## DATA EXCERPTS
(* Assume the following data: (A1) an associative unital $*$-algebra $\mathcal A$ over $\mathbb C$; (A2) an $\mathcal A$-bimodule $\Omega^1$; (A3) a $\mathbb C$-linear derivation $d:\mathcal A\to\Omega^1$; (A4) a map $\omega:\Omega^1\times\overline{\Omega^1}\to\mathbb C$, linear in both slots, with $\omega(\alpha,\overline\beta)=\overline{\omega(\beta,\overline\alpha)}$, $\omega(f\alpha g,\overline\beta)=\omega(\alpha,\overline{f^*\beta g^*})$ for $f,g\in\mathcal A$, and $\omega(\alpha,\overline\alpha)>0$ for $\alpha\neq0$; (A5) a linear functional $\eta:\mathcal A\to\mathbb C$ with $\eta(f^* )=-\overline{\eta(f)}$ and $\eta([f,g])=\frac{-1}{2\sqrt{-1}}\big(\omega(df,\overline{d(g^* )})-\omega(dg,\overline{d(f^* )})\big)$ for all $f,g$. Fix $n\ge1$. Let $M:=\mathrm{Mat}(n\times n,\Omega^1)$ (the affine space of connections $\phi\mapsto d\phi+\phi A$ on the free module $\mathcal A^n$ of row vectors) and $\mathfrak k:=\{u=(u_{ij})\in\mathrm{Mat}(n\times n,\mathcal A): u_{ij}^*=-u_{ji}\ \forall i,j\}$, a real Lie algebra under the commutator. For $u\in\mathfrak k$, $A\in M$ let $du:=(du_{ij})$, $[u,A]:=uA-Au$ (matrix products using the bimodule actions), and $X_u|_A:=du+[u,A]\in M$. Define on $M$ (viewed as a real vector space) $\omega_0(B,\overline C):=\sum_{i,j}\omega(B_{ij},\overline{C_{ij}})$, $\omega^{symp}(B,C):=\operatorname{Im}\omega_0(B,\overline C)$, and $$H_u(A):=\eta(\operatorname{Trace}u)-\omega^{symp}(A,du)+\tfrac12\,\omega^{symp}(A,[A,u]).$$ Then $u\mapsto H_u$ is a Lie algebra homomorphism lifting the action $u\mapsto X_u$; that is, for all $u,u_1,u_2\in\mathfrak k$ and $A,B\in M$: (i) $\frac{d}{dt}\big|_{t=0}H_u(A+tB)=\omega^{symp}(X_u|_A,B)$ (so $X_u$ is the Hamiltonian vector field of $H_u$ for the constant symplectic form $\omega^{symp}$), and (ii) $\omega^{symp}(X_{u_1}|_A,X_{u_2}|_A)=H_{[u_1,u_2]}(A)$, i.e. $H_{[u_1,u_2]}=\{H_{u_1},H_{u_2}\}$ for the Poisson bracket of $\omega^{symp}$.
   Context: $\overline{\Omega^1}$ denotes the complex-conjugate vector space of $\Omega^1$ (elements $\overline\beta$, $\overline{\lambda\beta}=\bar\lambda\overline\beta$). $\operatorname{Trace}u=\sum_i u_{ii}\in\mathcal A$. *)

From HB Require Import structures.
From mathcomp Require Import all_boot all_order all_algebra.
From mathcomp Require Import complex.
From mathcomp Require Import all_classical all_reals all_analysis.
Set Implicit Arguments. Unset Strict Implicit. Unset Printing Implicit Defensive.
Import Order.TTheory GRing.Theory Num.Theory.
Local Open Scope ring_scope.

Section Defs.
Variable R : realType.
Local Notation C := (R[i]).

Definition is_star (A : algType C) (star : A -> A) : Prop :=
  [/\ forall a b, star (a + b) = star a + star b,
      forall (c : C) a, star (c *: a) = c^* *: star a,
      forall a b, star (a * b) = star b * star a
    & forall a, star (star a) = a].

Definition is_bimodule (A : algType C) (Om : lmodType C)
  (la : A -> Om -> Om) (ra : Om -> A -> Om) : Prop :=
  (forall a x y, la a (x + y) = la a x + la a y) /\
      (forall a b x, la (a + b) x = la a x + la b x) /\
      (forall a b x, la (a * b) x = la a (la b x)) /\
      (forall x, la 1 x = x) /\
      (forall a x y, ra (x + y) a = ra x a + ra y a) /\
      (forall a b x, ra x (a + b) = ra x a + ra x b) /\
      (forall a b x, ra x (a * b) = ra (ra x a) b) /\
      (forall x, ra x 1 = x) /\
      (forall a b x, ra (la a x) b = la a (ra x b)) /\
      (forall (c : C) a x, la (c *: a) x = c *: la a x /\ la a (c *: x) = c *: la a x) /\
      (forall (c : C) a x, ra x (c *: a) = c *: ra x a /\ ra (c *: x) a = c *: ra x a).

Definition is_derivation (A : algType C) (Om : lmodType C)
  (la : A -> Om -> Om) (ra : Om -> A -> Om) (d : A -> Om) : Prop :=
  [/\ forall a b, d (a + b) = d a + d b,
      forall (c : C) a, d (c *: a) = c *: d a
    & forall a b, d (a * b) = ra (d a) b + la a (d b)].

(* (A4) omega alpha beta stands for omega(alpha, conj beta), beta in the
   complex-conjugate space; linearity in the conjugate slot is antilinearity in beta *)
Definition is_omega (A : algType C) (star : A -> A) (Om : lmodType C)
  (la : A -> Om -> Om) (ra : Om -> A -> Om) (omega : Om -> Om -> C) : Prop :=
  (forall x y z, omega (x + y) z = omega x z + omega y z) /\
      (forall (c : C) x z, omega (c *: x) z = c * omega x z) /\
      (forall x y z, omega z (x + y) = omega z x + omega z y) /\
      (forall (c : C) x z, omega z (c *: x) = c^* * omega z x) /\
      (forall x y, omega x y = (omega y x)^*) /\
      (forall f g x y, omega (ra (la f x) g) y = omega x (ra (la (star f) y) (star g))) /\
      (forall x, x != 0 -> 0 < omega x x).

Definition is_eta (A : algType C) (star : A -> A) (Om : lmodType C)
  (d : A -> Om) (omega : Om -> Om -> C) (eta : A -> C) : Prop :=
  [/\ (forall a b, eta (a + b) = eta a + eta b),
      (forall (c : C) a, eta (c *: a) = c * eta a),
      (forall f, eta (star f) = - (eta f)^*)
    & (forall f g, eta (f * g - g * f) =
         (- 1) / (2%:R * ('i)%C) * (omega (d f) (d (star g)) - omega (d g) (d (star f))))].

Variables (A : algType C) (star : A -> A) (Om : lmodType C)
  (la : A -> Om -> Om) (ra : Om -> A -> Om) (d : A -> Om)
  (omega : Om -> Om -> C) (eta : A -> C) (n : nat).

Definition in_k (u : 'M[A]_n) : Prop := forall i j, star (u i j) = - u j i.
Definition commA (u v : 'M[A]_n) : 'M[A]_n := u *m v - v *m u.

Definition dM (u : 'M[A]_n) : 'M[Om]_n := \matrix_(i, j) d (u i j).
Definition lmulM (u : 'M[A]_n) (B : 'M[Om]_n) : 'M[Om]_n :=
  \matrix_(i, j) \sum_k la (u i k) (B k j).
Definition rmulM (B : 'M[Om]_n) (u : 'M[A]_n) : 'M[Om]_n :=
  \matrix_(i, j) \sum_k ra (B i k) (u k j).
Definition brkUM (u : 'M[A]_n) (B : 'M[Om]_n) : 'M[Om]_n := lmulM u B - rmulM B u.
Definition brkMU (B : 'M[Om]_n) (u : 'M[A]_n) : 'M[Om]_n := rmulM B u - lmulM u B.

Definition Xvf (u : 'M[A]_n) (B : 'M[Om]_n) : 'M[Om]_n := dM u + brkUM u B.

Definition rscaleM (t : R) (B : 'M[Om]_n) : 'M[Om]_n := \matrix_(i, j) ((t%:C)%C *: B i j).

Definition omega0 (B D : 'M[Om]_n) : C := \sum_i \sum_j omega (B i j) (D i j).
Definition osymp (B D : 'M[Om]_n) : R := complex.Im (omega0 B D).

Definition Ham (u : 'M[A]_n) (B : 'M[Om]_n) : C :=
  eta (\tr u) - ((osymp B (dM u))%:C)%C + (1/2%:R : C) * ((osymp B (brkMU B u))%:C)%C.
End Defs.

From Pilot Require Import Defs.
From HB Require Import structures.
From mathcomp Require Import all_boot all_order all_algebra.
From mathcomp Require Import complex.
From mathcomp Require Import all_classical all_reals all_analysis.
From mathcomp Require Import ring lra.
Import Order.TTheory GRing.Theory Num.Theory.
Set Implicit Arguments.
Unset Strict Implicit.
Unset Printing Implicit Defensive.
Local Open Scope ring_scope.

(* For u in k (u^* = -u) the infinitesimal gauge action x |-> [u, x] is
   skew-adjoint for omega0, hence for omega^symp = Im omega0.  Together with
   the Leibniz rule d[u, v] = [u, dv] - [v, du] and the Jacobi identity
   [[u, v], x] = [u, [v, x]] - [v, [u, x]] this reduces both claims to
   bilinear bookkeeping.  The real part of t |-> H_u(A + tB) is a quadratic
   polynomial whose linear coefficient is omega^symp(X_u|_A, B); its
   imaginary part is the constant Im eta(Trace u).  In (ii) the quadratic
   terms match by Jacobi, the linear ones by Leibniz, and the constant term
   is (A5) summed over the entries of [u1, u2]:
   eta(Trace [u1, u2]) = omega^symp(du1, du2). *)

Section AdditiveMorphism.
Variables (U V : zmodType) (f : U -> V).
Hypothesis fD : {morph f : x y / x + y}.

Lemma addmorph0 : f 0 = 0.
Proof. by apply: (addrI (f 0)); rewrite -fD !addr0. Qed.

Lemma addmorphN : {morph f : x / - x}.
Proof. by move=> x; apply: (addrI (f x)); rewrite -fD !subrr addmorph0. Qed.

Lemma addmorphB : {morph f : x y / x - y}.
Proof. by move=> x y; rewrite fD addmorphN. Qed.

Lemma addmorph_sum I (r : seq I) (P : pred I) (F : I -> U) :
  f (\sum_(i <- r | P i) F i) = \sum_(i <- r | P i) f (F i).
Proof. exact: (big_morph f fD addmorph0). Qed.

End AdditiveMorphism.

Lemma is_derive_quadratic (R : realType) (x c0 c1 c2 : R) :
  is_derive x 1 (fun t : R => c0 + t * c1 + t ^+ 2 * c2) (c1 + x *+ 2 * c2).
Proof. by apply: is_derive_eq; rewrite /GRing.scale /=; lra. Qed.

Section ComplexParts.
Variable R : realType.
Local Notation C := R[i].

Lemma Im_realM (t : R) (z : C) : complex.Im ((t%:C)%C * z) = t * complex.Im z.
Proof. by case: z => a b /=; rewrite !mul0r addr0. Qed.

Lemma real_complex_half (x : R) : ((x / 2)%:C)%C = (1 / 2%:R) * (x%:C)%C :> C.
Proof. by rewrite rmorphM fmorphV rmorph_nat mul1r mulrC. Qed.

Lemma Im_conj_sub (z : C) : (-1) / (2%:R * 'i%C) * (z^* - z) = ((complex.Im z)%:C)%C.
Proof.
have two_i_neq0 : 2%:R * 'i%C != 0 :> C.
  by rewrite mulf_neq0 ?pnatr_eq0 // -normr_eq0 normCi oner_eq0.
have -> : (-1) / (2%:R * 'i%C) = 'i%C / 2%:R :> C.
  apply: (mulIf two_i_neq0); rewrite mulfVK // mulrCA mulrAC -expr2 sqr_i.
  by rewrite mulrC mulfVK // pnatr_eq0.
by rewrite ImJ_sub mulrC mulrA mulrAC.
Qed.

Lemma Im_conj (z : C) : complex.Im z^* = - complex.Im z.
Proof. by case: z. Qed.

End ComplexParts.

Section Hamiltonian.
Variable R : realType.
Local Notation C := R[i].
Variables (A : algType C) (star : A -> A) (Om : lmodType C)
  (la : A -> Om -> Om) (ra : Om -> A -> Om) (d : A -> Om)
  (omega : Om -> Om -> C) (eta : A -> C) (n : nat).

Hypothesis starM : forall a b, star (a * b) = star b * star a.
Hypothesis starK : forall a, star (star a) = a.

Hypothesis laDr : forall a x y, la a (x + y) = la a x + la a y.
Hypothesis laDl : forall a b x, la (a + b) x = la a x + la b x.
Hypothesis laM : forall a b x, la (a * b) x = la a (la b x).
Hypothesis la1 : forall x, la 1 x = x.
Hypothesis raDl : forall a x y, ra (x + y) a = ra x a + ra y a.
Hypothesis raDr : forall a b x, ra x (a + b) = ra x a + ra x b.
Hypothesis raM : forall a b x, ra x (a * b) = ra (ra x a) b.
Hypothesis ra1 : forall x, ra x 1 = x.
Hypothesis la_ra : forall a b x, ra (la a x) b = la a (ra x b).
Hypothesis laZ : forall (c : C) a x,
  la (c *: a) x = c *: la a x /\ la a (c *: x) = c *: la a x.
Hypothesis raZ : forall (c : C) a x,
  ra x (c *: a) = c *: ra x a /\ ra (c *: x) a = c *: ra x a.

Hypothesis dD : forall a b, d (a + b) = d a + d b.
Hypothesis d_mul : forall a b, d (a * b) = ra (d a) b + la a (d b).

Hypothesis omDl : forall x y z, omega (x + y) z = omega x z + omega y z.
Hypothesis omZl : forall (c : C) x z, omega (c *: x) z = c * omega x z.
Hypothesis omDr : forall x y z, omega z (x + y) = omega z x + omega z y.
Hypothesis omC : forall x y, omega x y = (omega y x)^*.
Hypothesis om_bimod : forall f g x y,
  omega (ra (la f x) g) y = omega x (ra (la (star f) y) (star g)).

Hypothesis etaD : forall a b, eta (a + b) = eta a + eta b.
Hypothesis eta_comm : forall f g, eta (f * g - g * f) =
  (- 1) / (2%:R * ('i)%C) * (omega (d f) (d (star g)) - omega (d g) (d (star f))).

Local Notation lmulM := (@Defs.lmulM _ _ _ la n).
Local Notation rmulM := (@Defs.rmulM _ _ _ ra n).
Local Notation dM := (@Defs.dM _ _ _ d n).
Local Notation brkUM := (@Defs.brkUM _ _ _ la ra n).
Local Notation brkMU := (@Defs.brkMU _ _ _ la ra n).
Local Notation Xvf := (@Defs.Xvf _ _ _ la ra d n).
Local Notation omega0 := (@Defs.omega0 _ _ omega n).
Local Notation osymp := (@Defs.osymp _ _ omega n).
Local Notation Ham := (@Defs.Ham _ _ _ la ra d omega eta n).
Local Notation in_k := (@Defs.in_k _ _ star n).

Implicit Types (u v : 'M[A]_n) (x y : 'M[Om]_n).

Let laDl_morph (p : Om) : {morph la ^~ p : a b / a + b} := fun a b => laDl a b p.
Let raDl_morph (a : A) : {morph ra ^~ a : p q / p + q} := raDl a.
Let raDr_morph (p : Om) : {morph ra p : a b / a + b} := fun a b => raDr a b p.
Let omDl_morph (r : Om) : {morph omega ^~ r : p q / p + q} := fun p q => omDl p q r.
Let omDr_morph (r : Om) : {morph omega r : p q / p + q} := fun p q => omDr p q r.

Lemma star1 : star 1 = 1.
Proof. by rewrite -[LHS]mulr1 -{2}(starK 1) -starM mulr1 starK. Qed.

Lemma omega_la f (x y : Om) : omega (la f x) y = omega x (la (star f) y).
Proof. by rewrite -[la f x]ra1 om_bimod star1 ra1. Qed.

Lemma omega_ra g (x y : Om) : omega (ra x g) y = omega x (ra y (star g)).
Proof. by rewrite -[x in LHS]la1 om_bimod star1 la1. Qed.

Lemma lmulMDr u : {morph lmulM u : x y / x + y}.
Proof.
move=> x y; apply/matrixP => i j; rewrite !mxE -big_split.
by apply: eq_bigr => k _; rewrite mxE laDr.
Qed.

## GOAL OF THE EXERCISE
Of the entries above, transcribe exactly those lines that fall between the line containing "Let raDr_morph (p" and the line containing "Lemma omega_la f", together with those two lines.

## EXERCISE RESPONSE
Let raDr_morph (p : Om) : {morph ra p : a b / a + b} := fun a b => raDr a b p.
Let omDl_morph (r : Om) : {morph omega ^~ r : p q / p + q} := fun p q => omDl p q r.
Let omDr_morph (r : Om) : {morph omega r : p q / p + q} := fun p q => omDr p q r.

Lemma star1 : star 1 = 1.
Proof. by rewrite -[LHS]mulr1 -{2}(starK 1) -starM mulr1 starK. Qed.

Lemma omega_la f (x y : Om) : omega (la f x) y = omega x (la (star f) y).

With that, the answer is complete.